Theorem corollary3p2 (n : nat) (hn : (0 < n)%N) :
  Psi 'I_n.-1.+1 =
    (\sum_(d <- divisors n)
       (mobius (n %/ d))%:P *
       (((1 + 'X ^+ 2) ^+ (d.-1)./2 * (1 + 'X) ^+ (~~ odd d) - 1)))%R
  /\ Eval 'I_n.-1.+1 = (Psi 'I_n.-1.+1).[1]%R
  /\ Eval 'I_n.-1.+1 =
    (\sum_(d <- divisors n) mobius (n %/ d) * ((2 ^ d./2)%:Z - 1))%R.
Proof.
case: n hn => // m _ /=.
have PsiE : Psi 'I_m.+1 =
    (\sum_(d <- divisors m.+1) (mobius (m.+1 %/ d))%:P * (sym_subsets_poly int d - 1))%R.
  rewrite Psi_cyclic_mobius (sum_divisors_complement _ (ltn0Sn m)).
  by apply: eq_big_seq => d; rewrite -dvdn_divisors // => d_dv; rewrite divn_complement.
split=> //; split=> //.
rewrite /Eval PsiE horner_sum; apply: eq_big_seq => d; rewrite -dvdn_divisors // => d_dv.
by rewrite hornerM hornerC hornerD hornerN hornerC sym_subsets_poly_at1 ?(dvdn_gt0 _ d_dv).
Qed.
==
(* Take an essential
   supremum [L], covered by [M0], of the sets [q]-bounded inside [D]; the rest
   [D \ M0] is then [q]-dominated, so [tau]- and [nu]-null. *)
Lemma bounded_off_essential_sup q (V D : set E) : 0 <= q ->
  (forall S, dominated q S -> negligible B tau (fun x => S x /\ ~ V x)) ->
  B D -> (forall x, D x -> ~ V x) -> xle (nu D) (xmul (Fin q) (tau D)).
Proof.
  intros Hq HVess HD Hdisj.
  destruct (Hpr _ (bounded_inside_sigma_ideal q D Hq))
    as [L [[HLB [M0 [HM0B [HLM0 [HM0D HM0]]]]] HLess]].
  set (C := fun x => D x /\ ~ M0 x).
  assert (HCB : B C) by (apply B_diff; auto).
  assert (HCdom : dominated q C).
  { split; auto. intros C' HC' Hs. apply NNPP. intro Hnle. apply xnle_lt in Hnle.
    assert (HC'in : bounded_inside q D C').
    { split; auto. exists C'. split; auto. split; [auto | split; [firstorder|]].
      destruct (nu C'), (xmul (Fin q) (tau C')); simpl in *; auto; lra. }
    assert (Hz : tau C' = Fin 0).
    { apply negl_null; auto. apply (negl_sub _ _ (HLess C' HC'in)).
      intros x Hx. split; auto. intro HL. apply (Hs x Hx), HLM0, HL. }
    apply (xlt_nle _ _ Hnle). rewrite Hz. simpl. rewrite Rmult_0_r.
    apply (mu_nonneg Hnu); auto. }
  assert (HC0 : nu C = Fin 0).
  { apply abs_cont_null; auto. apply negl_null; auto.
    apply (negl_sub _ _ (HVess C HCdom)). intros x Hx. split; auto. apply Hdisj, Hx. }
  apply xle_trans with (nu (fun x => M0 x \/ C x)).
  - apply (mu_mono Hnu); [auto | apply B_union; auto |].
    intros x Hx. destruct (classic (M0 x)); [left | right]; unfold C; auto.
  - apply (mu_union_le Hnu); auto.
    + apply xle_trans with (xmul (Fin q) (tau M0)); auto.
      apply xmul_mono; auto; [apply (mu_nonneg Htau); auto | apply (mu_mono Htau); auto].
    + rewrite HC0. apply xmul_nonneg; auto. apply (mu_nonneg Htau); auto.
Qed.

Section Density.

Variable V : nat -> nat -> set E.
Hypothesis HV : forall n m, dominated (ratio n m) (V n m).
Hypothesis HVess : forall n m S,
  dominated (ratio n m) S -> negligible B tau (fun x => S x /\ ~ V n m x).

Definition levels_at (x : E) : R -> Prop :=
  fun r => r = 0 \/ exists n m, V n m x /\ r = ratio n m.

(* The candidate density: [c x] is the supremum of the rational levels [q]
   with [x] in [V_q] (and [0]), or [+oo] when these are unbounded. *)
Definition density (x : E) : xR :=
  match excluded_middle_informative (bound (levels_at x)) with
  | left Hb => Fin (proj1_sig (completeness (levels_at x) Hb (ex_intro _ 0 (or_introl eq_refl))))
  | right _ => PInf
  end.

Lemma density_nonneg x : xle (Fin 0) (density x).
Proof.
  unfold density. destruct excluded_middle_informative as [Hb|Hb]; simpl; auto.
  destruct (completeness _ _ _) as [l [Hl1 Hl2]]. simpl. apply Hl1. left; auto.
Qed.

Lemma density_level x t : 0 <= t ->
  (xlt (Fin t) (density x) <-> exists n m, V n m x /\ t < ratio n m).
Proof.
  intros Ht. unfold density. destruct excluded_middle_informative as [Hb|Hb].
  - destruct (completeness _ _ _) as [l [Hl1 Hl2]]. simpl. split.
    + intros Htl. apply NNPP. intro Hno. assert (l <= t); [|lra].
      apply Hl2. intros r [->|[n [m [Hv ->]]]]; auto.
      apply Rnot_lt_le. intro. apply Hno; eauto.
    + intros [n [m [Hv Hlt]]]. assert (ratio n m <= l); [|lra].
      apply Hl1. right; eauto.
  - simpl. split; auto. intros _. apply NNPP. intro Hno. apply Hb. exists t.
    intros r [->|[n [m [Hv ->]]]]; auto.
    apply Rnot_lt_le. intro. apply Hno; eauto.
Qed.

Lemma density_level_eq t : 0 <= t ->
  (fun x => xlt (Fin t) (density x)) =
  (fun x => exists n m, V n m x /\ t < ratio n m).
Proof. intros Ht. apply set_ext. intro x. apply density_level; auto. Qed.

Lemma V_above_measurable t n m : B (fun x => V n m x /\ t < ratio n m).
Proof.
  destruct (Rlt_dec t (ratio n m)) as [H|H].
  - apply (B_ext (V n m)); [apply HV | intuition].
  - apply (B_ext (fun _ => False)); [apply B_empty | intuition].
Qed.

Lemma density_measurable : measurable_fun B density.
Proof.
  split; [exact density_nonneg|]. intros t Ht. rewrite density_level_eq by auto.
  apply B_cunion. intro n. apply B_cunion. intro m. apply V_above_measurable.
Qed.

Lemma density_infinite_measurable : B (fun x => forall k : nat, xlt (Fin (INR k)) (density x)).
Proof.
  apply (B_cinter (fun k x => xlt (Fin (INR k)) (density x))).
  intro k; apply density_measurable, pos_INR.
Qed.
--
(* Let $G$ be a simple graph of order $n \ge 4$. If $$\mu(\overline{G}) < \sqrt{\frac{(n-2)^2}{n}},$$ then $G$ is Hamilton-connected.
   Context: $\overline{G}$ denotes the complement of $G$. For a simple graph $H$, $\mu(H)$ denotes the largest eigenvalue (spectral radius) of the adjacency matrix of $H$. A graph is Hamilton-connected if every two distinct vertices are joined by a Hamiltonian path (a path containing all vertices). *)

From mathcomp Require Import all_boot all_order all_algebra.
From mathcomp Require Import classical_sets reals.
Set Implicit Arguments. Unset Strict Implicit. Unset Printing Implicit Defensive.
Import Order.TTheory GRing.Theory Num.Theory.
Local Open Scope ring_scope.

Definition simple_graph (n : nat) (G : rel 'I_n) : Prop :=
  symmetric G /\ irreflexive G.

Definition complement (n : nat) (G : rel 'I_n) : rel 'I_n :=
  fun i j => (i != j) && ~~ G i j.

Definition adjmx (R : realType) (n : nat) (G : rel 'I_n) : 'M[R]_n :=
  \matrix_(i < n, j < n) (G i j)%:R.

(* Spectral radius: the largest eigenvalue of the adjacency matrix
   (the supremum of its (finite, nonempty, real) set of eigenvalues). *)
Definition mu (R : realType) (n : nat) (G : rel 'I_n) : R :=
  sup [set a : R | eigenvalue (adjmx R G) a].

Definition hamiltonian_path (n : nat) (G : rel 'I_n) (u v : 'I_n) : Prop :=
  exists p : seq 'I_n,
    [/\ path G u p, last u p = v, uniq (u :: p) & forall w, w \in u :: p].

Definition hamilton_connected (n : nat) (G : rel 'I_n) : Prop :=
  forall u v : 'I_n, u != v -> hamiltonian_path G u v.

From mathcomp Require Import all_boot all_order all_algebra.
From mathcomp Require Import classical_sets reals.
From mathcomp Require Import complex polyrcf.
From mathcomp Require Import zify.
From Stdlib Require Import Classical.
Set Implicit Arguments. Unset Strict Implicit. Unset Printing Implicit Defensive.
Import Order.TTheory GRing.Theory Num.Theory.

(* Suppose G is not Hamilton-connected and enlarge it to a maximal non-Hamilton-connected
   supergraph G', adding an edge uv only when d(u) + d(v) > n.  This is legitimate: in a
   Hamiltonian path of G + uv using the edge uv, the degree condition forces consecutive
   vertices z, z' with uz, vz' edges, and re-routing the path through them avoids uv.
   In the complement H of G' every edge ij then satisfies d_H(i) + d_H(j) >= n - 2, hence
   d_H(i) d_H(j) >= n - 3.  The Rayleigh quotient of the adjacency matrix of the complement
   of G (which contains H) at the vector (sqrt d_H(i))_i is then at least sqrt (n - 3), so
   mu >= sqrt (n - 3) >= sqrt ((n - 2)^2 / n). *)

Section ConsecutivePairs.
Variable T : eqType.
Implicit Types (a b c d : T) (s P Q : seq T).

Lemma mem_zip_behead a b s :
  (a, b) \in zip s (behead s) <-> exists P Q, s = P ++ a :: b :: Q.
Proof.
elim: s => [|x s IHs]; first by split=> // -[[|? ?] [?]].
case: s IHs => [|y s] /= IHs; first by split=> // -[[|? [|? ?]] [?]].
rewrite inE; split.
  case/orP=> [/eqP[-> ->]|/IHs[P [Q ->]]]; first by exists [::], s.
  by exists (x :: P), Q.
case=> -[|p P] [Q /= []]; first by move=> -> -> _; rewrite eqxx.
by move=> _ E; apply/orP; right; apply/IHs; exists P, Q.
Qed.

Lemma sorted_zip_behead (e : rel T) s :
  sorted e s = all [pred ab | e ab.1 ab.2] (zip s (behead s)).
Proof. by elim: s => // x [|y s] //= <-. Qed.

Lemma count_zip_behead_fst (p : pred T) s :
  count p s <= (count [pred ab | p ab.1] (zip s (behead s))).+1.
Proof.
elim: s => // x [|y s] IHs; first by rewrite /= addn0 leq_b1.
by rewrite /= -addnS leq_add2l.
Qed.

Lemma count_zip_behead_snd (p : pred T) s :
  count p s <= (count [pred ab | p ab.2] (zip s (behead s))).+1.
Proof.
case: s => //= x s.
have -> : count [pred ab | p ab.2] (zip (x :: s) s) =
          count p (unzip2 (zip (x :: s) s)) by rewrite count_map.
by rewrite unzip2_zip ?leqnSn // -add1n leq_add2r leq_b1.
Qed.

**What you have to do:**
Which lines of the records hold the string "Section"? Copy each one.

**Solution for this task:**
Section Density.
Section ConsecutivePairs.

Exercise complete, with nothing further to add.